Looking to expand on the usefulness of tools that backcountry travelers already use, the Color Trekker is a way to map and catalog your surroundings through color. Taking design cues and functional elements from traditional trekking poles, the Color Trekker also contains a color sensor at its base. When placed against the ground, it is able to record and store the exact color code of the object it is touching. For the Corps, this tool has been used in several ways. Traditionally, to record hike or trip in nature, you would use a map or GPS to track where you have been. Forgoing a direct spatial awareness for understanding a trip, the Corps asks observers to map by color. Every step, take a color reading. Over time you will have amassed a large tapestry of colored bars representing the changing land underfoot. Normally when we go for a walk, we look up to the sky or horizon. But there is beauty in what is directly beneath us. These maps then through color show how terrain can change over a distance. It will expose observers’ unconscious decisions on where they are walking as well as alert park rangers on if they are staying on trail or not. Distance would also be measured in new ways. The physical length of the tapestry would represent the length of your trip and efforts in collecting.


ARCHIVE
The information gathered by the members of the Civilian Corps of Landscape Observation belongs to the people of the United States of America.

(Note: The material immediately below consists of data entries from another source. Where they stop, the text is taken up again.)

(* Let $\mathfrak{F}=\langle W,\{W_{\mathfrak{d}^{\alpha_i}_j}\},\{W_{\mathfrak{e}^{\alpha_i}}\},R_\Box,R_{\mathsf{A}},R_\blacksquare,R_{\mathsf{H}}\rangle$ be any $\mathsf{TLAE}$-frame. Then for every $w\in W$: $(w,w)\notin R_\blacksquare$, $(w,w)\notin R_\Box$, $(w,w)\notin R_{\mathsf{H}}$, and $(w,w)\notin R_{\mathsf{A}}$.
   Context: Fix finite sets $\mathtt{Action}=\{\delta_1,\dots,\delta_n\}$ (atomic action types) and $\mathtt{Agent}=\{\alpha_1,\dots,\alpha_m\}$ (agents). The set $\mathtt{Action}^*$ of action types is generated by $\Delta::=\delta_j\mid\Delta\cup\Delta\mid\overline{\Delta}$. For each agent $\alpha_i$ and each $j$ there is a propositional constant $\mathfrak{d}^{\alpha_i}_j$ and for each agent $\alpha_i$ a propositional constant $\mathfrak{e}^{\alpha_i}$. The translation $t$ is: $t(\delta_j^{\alpha_i})=\mathfrak{d}^{\alpha_i}_j$, $t(\overline{\Delta}^{\alpha_i})=\neg t(\Delta^{\alpha_i})$, $t(\Delta^{\alpha_i}\cup\Gamma^{\alpha_k})=t(\Delta^{\alpha_i})\vee t(\Gamma^{\alpha_k})$. An $\mathcal{L}$-frame is a tuple $\langle W,\{W_{\mathfrak{d}^{\alpha_i}_j}\}_{i,j},\{W_{\mathfrak{e}^{\alpha_i}}\}_{i},R_\Box,R_{\mathsf{A}},R_\blacksquare,R_{\mathsf{H}}\rangle$ where $W$ is a set of moments, each $W_{\mathfrak{d}^{\alpha_i}_j},W_{\mathfrak{e}^{\alpha_i}}\subseteq W$, and $R_\Box,R_{\mathsf{A}},R_\blacksquare,R_{\mathsf{H}}$ are binary relations on $W$. For action types define $W_{t(\delta_j^{\alpha_i})}=W_{\mathfrak{d}^{\alpha_i}_j}$, $W_{t(\overline{\Delta}^{\alpha_i})}=W\setminus W_{t(\Delta^{\alpha_i})}$, $W_{t(\Delta^{\alpha_i}\cup\Gamma^{\alpha_k})}=W_{t(\Delta^{\alpha_i})}\cup W_{t(\Gamma^{\alpha_k})}$. A $\mathsf{TLAE}$-frame is an $\mathcal{L}$-frame satisfying: (pA3) if $R_{\mathsf{A}}wu$ and $R_{\mathsf{A}}wv$ then $u=v$; (pA4) if $R_{\mathsf{A}}wu$ then $R_\Box wu$; (pA5) for every $w$, all pairwise distinct agents $\alpha_{1},\dots,\alpha_{k}$ and (not necessarily distinct) $\Delta_1,\dots,\Delta_k\in\mathtt{Action}^*$: if for each $i$ there is $u_i$ with $R_\Box wu_i$ and $u_i\in W_{t(\Delta_i^{\alpha_i})}$, then there is $v$ with $R_\Box wv$ and $v\in W_{t(\Delta_1^{\alpha_1})}\cap\dots\cap W_{t(\Delta_k^{\alpha_k})}$; (pA6) for every $w$ and agent $\alpha_i$: if some $v$ with $R_\Box wv$ lies in $W_{\mathfrak{e}^{\alpha_i}}$, then some $u$ with $R_\Box wu$ lies outside $W_{\mathfrak{e}^{\alpha_i}}$; (pA10;A11) $R_\Box wv$ iff $R_\blacksquare vw$; (pA12) if $R_\blacksquare wu$ and $R_\blacksquare wv$ then $u=v$; (pA9;A14) $R_{\mathsf{H}}$ is the transitive closure of $R_\blacksquare$; (pA13) for every $w$, either there is no $v$ with $R_{\mathsf{H}}wv$, or there is $u$ with $R_{\mathsf{H}}wu$ such that there is no $z$ with $R_{\mathsf{H}}uz$. *)

From mathcomp Require Import all_boot.
From Stdlib Require Import Relations.
From Stdlib Require List.
Set Implicit Arguments. Unset Strict Implicit. Unset Printing Implicit Defensive.

Inductive actType (n : nat) : Type :=
  | AAtom : 'I_n -> actType n
  | AUnion : actType n -> actType n -> actType n
  | ACompl : actType n -> actType n.

(* An L-frame for n atomic action types and m agents.  Subsets of W are
   predicates W -> Prop; relations are W -> W -> Prop. *)
Record LFrame (n m : nat) : Type := {
  W : Type;
  Wd : 'I_m -> 'I_n -> W -> Prop;
  We : 'I_m -> W -> Prop;
  RBox : W -> W -> Prop;
  RA : W -> W -> Prop;
  RBlack : W -> W -> Prop;
  RH : W -> W -> Prop
}.
Arguments W {n m} l.
Arguments Wd {n m} l _ _ _.
Arguments We {n m} l _ _.
Arguments RBox {n m} l _ _.
Arguments RA {n m} l _ _.
Arguments RBlack {n m} l _ _.
Arguments RH {n m} l _ _.

Fixpoint actSet n m (F : LFrame n m) (a : 'I_m) (D : actType n) : W F -> Prop :=
  match D with
  | AAtom j => Wd F a j
  | AUnion D1 D2 => fun w => @actSet n m F a D1 w \/ @actSet n m F a D2 w
  | ACompl D1 => fun w => ~ @actSet n m F a D1 w
  end.
Arguments actSet {n m} F a D _.

Definition TLAE_frame n m (F : LFrame n m) : Prop :=
  (forall w u v, RA F w u -> RA F w v -> u = v) /\
  (forall w u, RA F w u -> RBox F w u) /\
  (forall (w : W F) (s : seq ('I_m * actType n)),
      0 < size s -> uniq (map fst s) ->
      (forall p, Stdlib.Lists.List.In p s -> exists u, RBox F w u /\ actSet F p.1 p.2 u) ->
      exists v, RBox F w v /\ (forall p, Stdlib.Lists.List.In p s -> actSet F p.1 p.2 v)) /\
  (forall (w : W F) (a : 'I_m),
      (exists v, RBox F w v /\ We F a v) -> exists u, RBox F w u /\ ~ We F a u) /\
  (forall w v, RBox F w v <-> RBlack F v w) /\
  (forall w u v, RBlack F w u -> RBlack F w v -> u = v) /\
  (forall w v, RH F w v <-> clos_trans (W F) (RBlack F) w v) /\
  (forall w, (forall v, ~ RH F w v) \/
             exists u, RH F w u /\ forall z, ~ RH F u z).

From mathcomp Require Import all_boot.
From Stdlib Require Import Relations.

Set Implicit Arguments.
Unset Strict Implicit.

(* Since [R_black] is functional (pA12), a moment lying on an [R_H]-cycle has
   a unique future, which runs round the cycle forever; so no [R_H]-successor of
   it is [R_H]-final, contradicting pA13. Irreflexivity of [R_black], [R_Box]
   and [R_A] then follows from [R_black ⊆ R_H], pA10;A11 and pA4. *)

Section FunctionalCycle.

Variables (A : Type) (R : relation A).
Hypothesis R_functional : forall w u v, R w u -> R w v -> u = v.

Lemma clos_trans_functional_succ w u v :
  clos_trans A R w v -> R w u -> u = v \/ clos_trans A R u v.
Proof.
move=> /clos_trans_t1n_iff [c Rwc | c v' Rwc /clos_trans_t1n_iff cv] Rwu.
- by left; apply: R_functional Rwu Rwc.
- by right; rewrite (R_functional Rwu Rwc).
Qed.

Lemma clos_trans_cycle_step w u :
  clos_trans A R w w -> R w u -> clos_trans A R u w.
Proof.
move=> cycle_w Rwu.
case: (clos_trans_functional_succ cycle_w Rwu) => [uw | //].
by subst u; apply: t_step.
Qed.

Lemma clos_trans_cycle_return w x :
  clos_trans A R w w -> clos_trans A R w x -> clos_trans A R x w.
Proof.
move=> cycle_w /clos_trans_tn1_iff wx.
elim: wx => [y Rwy | y z Ryz wy yw].
- exact: clos_trans_cycle_step Rwy.
- have cycle_y : clos_trans A R y y.
    by apply: t_trans yw _; apply/clos_trans_tn1_iff.
  exact: t_trans (clos_trans_cycle_step cycle_y Ryz) yw.
Qed.

End FunctionalCycle.

Lemma TLAE_RH_irrefl n m (F : LFrame n m) :
  TLAE_frame F -> forall w : W F, ~ RH F w w.
Proof.
move=> [_ [_ [_ [_ [_ [black_functional [RH_clos final_exists]]]]]]] w Hww.
case: (final_exists w) => [no_succ | [u [Hwu u_final]]].
- exact: no_succ Hww.
- have cycle_w := (RH_clos w w).1 Hww.
  have return_uw :=
    clos_trans_cycle_return black_functional cycle_w ((RH_clos w u).1 Hwu).
  exact: u_final w ((RH_clos u w).2 return_uw).
Qed.

Theorem mainTheorem1 (n m : nat) (F : LFrame n m) :
  TLAE_frame F ->
  forall w : W F,
    ~ RBlack F w w /\ ~ RBox F w w /\ ~ RH F w w /\ ~ RA F w w.
Proof.
move=> frameF w.
have noRH : ~ RH F w w by apply: TLAE_RH_irrefl.
case: frameF => [_ [A_sub_Box [_ [_ [Box_conv [_ [RH_clos _]]]]]]].
have noBlack : ~ RBlack F w w by move=> Bww; apply/noRH/RH_clos/t_step.
have noBox : ~ RBox F w w by move/Box_conv.
by split; [|split; [|split]] => // /A_sub_Box.
Qed.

It is to be aggregated into one central location and will be accessible by anyone in the country. The work of reassessment is a community activity and in order for conversations and connections to arise, the whole community must be able to see the collective fruits of their labor. On a macro scale, this archive will take the form of an online database. All observations will appear in this database in full, with the exception of full names. The online database will not be curated by the CCLR in any way. It is up to local communities to form their own stories based on their collective observation labor. The CCLR will provide ways to search the archive. Potential search strategies include: Location, Date, Land Manager, Tool, Observation density, Observation Type (drawing, story, poem, image, map, model), and Keywords Used.